I am trying to prove that the sequence $(a_n)_{n\geq1}$ where $a_n = \sqrt[n]a$ for $0<a<1$ converges to $1$. So that $$\lim_{n\to\infty}\sqrt[n]a=1$$

I have managed to prove it for $1 \lt a$, using the fact that : $$\sqrt[n]a = \theta_n + 1 \implies a = (\theta_n + 1)^n \implies a = \sum_{k = 0}^n \binom{n}{k} \theta_n^k \gt \binom{n}{1}\theta_n=n\theta_n \implies \theta_n \lt \frac{a}{n}$$

Thus setting $n_\epsilon = \frac{a}{\epsilon}$, we have $\forall n \gt n_\epsilon, \theta_n \lt \epsilon \implies \lvert \sqrt[n]a - 1 \rvert < \epsilon$. Thus $\lim_{x\to\infty}\sqrt[n]a=1$.

However, this method does not work for $0<a<1$ as $\theta_n < 0$. I have tried finding a solution using $\sqrt[n]a = 1- \theta_n$, however this introduces a $(-1)^k$ in the sum. I have also tried setting $a = \frac{1}{b}$ with $1<b$, however this method is not satisfactory as it used reasoning in theorems outside of the ones allowed. Finally, I also know that I could probably use the monotone convergence theorem, but I ran into some trouble showing that $\sqrt[n]a < \sqrt[n+1]a$.

I would like a hint for the direction to take to show the above limit for $0<a<1$, preferably using the method above.
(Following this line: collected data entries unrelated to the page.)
Lemma sum_eq0_on_image (I : Type) (V : eqType) (W : zmodType) (g : I -> V) (F : I -> W)
    (t : seq I) :
  (forall i, g i \in map g t -> F i = 0) -> \sum_(i <- t) F i = 0.
Proof.
elim: t => [|i t IH] F0; first by rewrite big_nil.
rewrite big_cons F0 ?mem_head // IH ?add0r // => j jt.
by apply: F0; rewrite inE jt orbT.
Qed.

Section SeparatedSums.
Variables (X : Type) (V : lmodType K) (comb : X -> K -> X -> X).

(* [X] stands for a space of left tensor factors that is only known through
   [comb x l y], which plays the role of [x + l y]. *)
Definition comb_biscalar (G : X -> V -> K) :=
  (forall x l y c, G (comb x l y) c = G x c + l * G y c) /\ forall x, scalar (G x).

(* If [c0 = \sum_i a_i c_i], then [x0 (x) c0 = \sum_i (a_i x0) (x) c_i] is absorbed into [t]. *)
Lemma sum_absorb_span (x0 : X) (c0 : V) (t : seq (X * V)) : span_seq (map snd t) c0 ->
  exists2 t' : seq (X * V), size t' = size t & forall G, comb_biscalar G ->
    \sum_(z <- t') G z.1 z.2 = \sum_(z <- t) G z.1 z.2 + G x0 c0.
Proof.
elim: t c0 => [|[x1 c1] t IH] c0 /=.
  move=> ->; exists [::] => // G [_ GS].
  by rewrite big_nil scalar0 ?addr0.
move=> [a [y /IH [t' st' Ht'] ->]]; exists ((comb x1 a x0, c1) :: t') => /=; first by rewrite st'.
move=> G [Gcomb GS]; rewrite !big_cons /= Ht' //.
by rewrite Gcomb (GS x0) -!addrA; congr (_ + _); rewrite addrCA.
Qed.

Variables (J : Type) (Phi : J -> X -> K) (beta : X -> V -> K).
Hypotheses (Phi_comb : forall j x l y, Phi j (comb x l y) = Phi j x + l * Phi j y)
  (beta_biscalar : comb_biscalar beta)
  (beta_sep : forall x, (forall j, Phi j x = 0) -> forall c, beta x c = 0).

(* Reduce to linearly independent right factors; a right factor outside the span of
   the others is detected by a scalar, which forces all [Phi j] to vanish on its left factor. *)
Lemma separated_sum_eq0 (t : seq (X * V)) :
  (forall j (chi : {scalar V}), \sum_(z <- t) Phi j z.1 * chi z.2 = 0) ->
  \sum_(z <- t) beta z.1 z.2 = 0.
Proof.
elim: {t}(size t) {-2}t (leqnn (size t)) => [|n IH] [|[x0 c0] t] //=; rewrite ?big_nil //.
move=> st vanish; have [c0_span|c0_free] := pselect (span_seq (map snd t) c0).
  have [t' st' Ht'] := sum_absorb_span x0 c0_span.
  have Phi_biscalar j (chi : {scalar V}) : comb_biscalar (fun x c => Phi j x * chi c).
    split => [x l y c|x a c c']; first by rewrite Phi_comb mulrDl mulrA.
    by rewrite linearP mulrDr mulrCA.
  rewrite big_cons addrC -(Ht' _ beta_biscalar); apply: IH; first by rewrite st'.
  move=> j chi; rewrite (Ht' _ (Phi_biscalar j chi)) addrC.
  by have := vanish j chi; rewrite big_cons.
have [chi0 [chi0c0 chi0t]] := scalar_separation (span_seq_subspace _) c0_free.
have Phi_x0 j : Phi j x0 = 0.
  have t0 : \sum_(z <- t) Phi j z.1 * chi0 z.2 = 0.
    by apply: (sum_eq0_on_image (g := snd)) => z /span_seq_mem /chi0t ->; rewrite mulr0.
  by have := vanish j chi0; rewrite big_cons chi0c0 mulr1 t0 addr0.
rewrite big_cons beta_sep // add0r; apply: IH => // j chi.
by have := vanish j chi; rewrite big_cons Phi_x0 mul0r add0r.
Qed.

End SeparatedSums.

Section TensorForms.
Variables U V : lmodType K.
Thanks for reading !

Answer 1

Let $0<a<1$;

$a^{1/n} =\dfrac{1}{1+e_n}$, where $e_n >0;$

$a=\dfrac{1}{(1+e_n)^n};$

$\dfrac{1}{a}=(1+e_n)^n>1+ne_n;$

$ne_n < \dfrac{1}{a}-1$ $(>0);$

$0<e_n<(1/n)(\dfrac{1}{a}-1);$

Sandwich.

Answer 2

Here is an alternative approach:

\begin{align*} \lim_{n\to\infty}\sqrt[n]{a} & = \lim_{n\to\infty}\exp\left(\ln(\sqrt[n]{a})\right)\\\\ & = \lim_{n\to\infty}\exp\left(\frac{\ln(a)}{n}\right)\\\\ & = \exp\left(\lim_{n\to\infty}\frac{\ln(a)}{n}\right)\\\\ & = \exp(0) = 1 \end{align*}

Hopefully this helps !

Answer 3

Yet another alternative approach:

1. Show $\lim_{n \to \infty} \sqrt[n]{a} \le 1$: \begin{align} 0 < a < 1 \implies \sqrt[n]{a} < \sqrt[n]{1}=1 \quad\forall n \end{align} since $\sqrt[n]{-}$ is strictly increasing on $\mathbb{R}^+$.
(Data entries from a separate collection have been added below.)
Lemma periodic_shift (I : int -> Prop) (m : int) :
  (forall i, I i <-> I (i + m)) -> forall i z, I i <-> I (i + m * z).
Proof.
move=> I_per; have I_nat (q : nat) i : I i <-> I (i + m * q%:Z).
  elim: q i => [|q IHq] i; first by rewrite mulr0 addr0.
  by rewrite -addn1 PoszD mulrDr mulr1 addrA; apply: iff_trans (IHq i) (I_per _).
move=> i [q|q]; first exact: I_nat.
by have := I_nat q.+1 (i + m * Negz q); rewrite NegzE mulrN subrK => -[].
Qed.

Lemma consecutive_next (I : int -> Prop) i i' j :
  (forall j, I j -> i < j -> j < i' -> False) -> I j -> i < j -> i' <= j.
Proof. by move=> cons Ij lt_ij; rewrite leNgt; apply/negP; apply: cons Ij lt_ij. Qed.

Lemma consecutive_prev (I : int -> Prop) i i' j :
  (forall j, I j -> i < j -> j < i' -> False) -> I j -> j < i' -> j <= i.
Proof.
by move=> cons Ij lt_ji'; rewrite leNgt; apply/negP => lt_ij; apply: cons Ij lt_ij lt_ji'.
Qed.

Section Periodicity.
Variables (L : fieldType) (D : dvr L) (N : vectType L).
Local Notation pi := (dvr_pi D).

Lemma chain_shift (I : int -> Prop) (F : int -> N -> Prop) (m : int) :
  (forall i, I i <-> I (i + m)) ->
  (forall i, I i -> same (F (i + m)) (fun x => F i (pi *: x))) ->
  forall i z, I i -> same (F (i + m * z)) (pscale D z (F i)).
Proof.
move=> I_per F_per.
have F_nat (q : nat) i : I i -> same (F (i + m * q%:Z)) (pscale D q%:Z (F i)).
  elim: q => [|q IHq] Ii; first by rewrite mulr0 addr0; apply: same_sym (pscale0 D _).
  rewrite -addn1 PoszD mulrDr mulr1 addrA.
  apply: same_trans (F_per _ ((periodic_shift I_per _ _).1 Ii)) _.
  by apply: same_sym; apply: same_trans (pscaleS D _ _) _ => x; apply: iff_sym; apply: IHq.
move=> i [q|q] Ii; first exact: F_nat.
set i' := i + m * Negz q; have Ii' : I i' := (periodic_shift I_per _ _).1 Ii.
have := F_nat q.+1 i' Ii'; rewrite /i' NegzE mulrN subrK => Fi.
apply: same_trans (same_sym (pscaleVK D q.+1%:Z _)) _.
apply: (pscale_same D _ (same_sym Fi)).
Qed.

End Periodicity.

Section Fibre.
Variables (L : fieldType) (D : dvr L) (N : vectType L) (S : symplectic N) (n : nat).
Hypothesis n_gt0 : (0 < n)%N.
Variable J : int -> Prop.
Hypotheses (J_per : forall i, J i <-> J (i + (2 * n)%N%:Z)) (J_sym : forall i, J i <-> J (- i)).
Variables (k l : int).
Hypotheses (Jk : J k) (nJk1 : ~ J (k + 1)) (Jl : J l) (lt_kl : k < l)
  (l_min : forall j, J j -> k < j -> l <= j).
Variables (M : int -> N -> Prop) (d : int).
Local Notation m2 := ((2 * n)%N%:Z).
Local Notation O := (dvr_O D).
Local Notation pi := (dvr_pi D).
Local Notation perp := (perp D S).
Hypotheses (M_lattice : forall i, J i -> is_lattice D (M i))
  (M_chain : forall i i', J i -> J i' -> i < i' ->
     lsubset (M i) (M i') /\ has_length D (M i) (M i') `|i' - i|%N)
  (M_per : forall i, J i -> same (M (i + m2)) (fun x => M i (pi *: x)))
  (M_dual : forall i, J i -> same (perp (M i)) (M (- i + m2 * d))).

Lemma m2_neq0 : m2 != 0. Proof. by rewrite eqz_nat -lt0n muln_gt0. Qed.

Lemma J_shift i z : J i <-> J (i + m2 * z). Proof. exact: periodic_shift. Qed.

Lemma J_reflect i z : J i -> J (- i + m2 * z).
Proof. by move/J_sym/(J_shift _ z). Qed.

Lemma lt_k1_l : k + 1 < l.
Proof. have : k + 1 != l by apply: contra_notN nJk1 => /eqP ->. by move: lt_kl; lia. Qed.

Lemma notJ_k1 z : ~ J (k + 1 + m2 * z).
Proof. by move=> Jz; apply/nJk1/(J_shift _ z). Qed.

Lemma notJ_k1_reflect z : ~ J (- (k + 1) + m2 * z).
Proof. by move=> Jz; apply/nJk1/(J_sym (k + 1))/(J_shift _ z). Qed.

Lemma M_shift i z : J i -> same (M (i + m2 * z)) (pscale D z (M i)).
Proof. exact: chain_shift. Qed.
2. Show $\lim_{n \to \infty}\sqrt[n]{a} \ge 1$: Suppose $\sqrt[n]{a} = 1 - \epsilon$ for some small positive $\epsilon$. Since \begin{align} \sqrt[2n]{a} = \sqrt{\sqrt[n]{a}}=\sqrt{1-\epsilon} > 1 - \epsilon = \sqrt[n]{a} ,\end{align} we can always choose a higher $n$ to obtain a term larger than $1 - \epsilon$. Therefore, the limit is $\ge 1$.
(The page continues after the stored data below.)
(* Let $k$ be an algebraically closed field of characteristic zero. Let $s,m,d$ be nonnegative integers with $d\ge m-1$. Let $X\subset\mathbb{P}^2_k$ be a generic union of an $m$-multiple point $mP$ and $s$ $2$-dots $Z_1,\dots,Z_s$. Then $X$ has good postulation in degree $d$, i.e. $$h^0(\mathcal{I}_X(d))=\max\left\{\binom{d+2}{2}-\binom{m+1}{2}-2s,\,0\right\}.$$
   Context: For a point $P\in\mathbb{P}^2$ and an integer $m\ge 1$, the $m$-multiple point $mP$ is the zero-dimensional subscheme defined by the ideal sheaf $\mathcal{I}_P^m$ (for $m=0$ it is empty); it has length $\binom{m+1}{2}$. A double point is $2P$. A $2$-dot is a subscheme of length $2$ of a double point (i.e. a point together with a tangent direction). ''Generic union'' means the point $P$ and the $2$-dots are chosen generically (in a nonempty open subset of the corresponding parameter space). $\mathcal{I}_X$ is the ideal sheaf of $X$ and $h^0(\mathcal{F})=\dim_k H^0(\mathbb{P}^2,\mathcal{F})$. *)

From HB Require Import structures.
From mathcomp Require Import all_boot all_order all_algebra.
From mathcomp Require Import mpoly.
Set Implicit Arguments. Unset Strict Implicit. Unset Printing Implicit Defensive.
Import Order.TTheory GRing.Theory.
Local Open Scope ring_scope.

Section Postulation.
Variable k : fieldType.

(* Homogeneous coordinates of a point of P^2 (or of a vector of k^3). *)
Definition vec3 := 'I_3 -> k.

(* Monomials of degree exactly d in x_0, x_1, x_2: a basis of H^0(O(d)). *)
Definition hmon (d : nat) := {mu : 'X_{1..3 < d.+1} | mdeg mu == d}.

Definition form_of (d : nat) (c : {ffun hmon d -> k^o}) : {mpoly k[3]} :=
  \sum_(mu : hmon d) c mu *: 'X_[(val mu : 'X_{1..3})].

(* Index set of the linear conditions imposed by X = mP + Z_1 + ... + Z_s:
   - inl a  (a multi-index of order < m): the partial derivative d^a F
     vanishes at P   (F in I_P^m);
   - inr (i, false): F(Q_i) = 0;
   - inr (i, true) : the derivative of F at Q_i in the direction V_i is 0
     (the 2-dot supported at Q_i with tangent direction V_i). *)
Definition cond (m s : nat) := ('X_{1..3 < m} + 'I_s * bool)%type.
Combining these makes $\lim_{n \to \infty}\sqrt[n]{a} = 1$ for $0 < a < 1$. \begin{align} \end{align}

Answer 4

Using the comment of @A.Γ., you find : $$a<1 \implies 1 < \frac{1}{a} \implies \lim_{n\to\infty} \sqrt[n]{\frac{1}{a}} = 1 \implies \frac{1}{\lim_{n\to\infty} \sqrt[n]a} = 1 \implies \lim_{n\to\infty} \sqrt[n]a = 1$$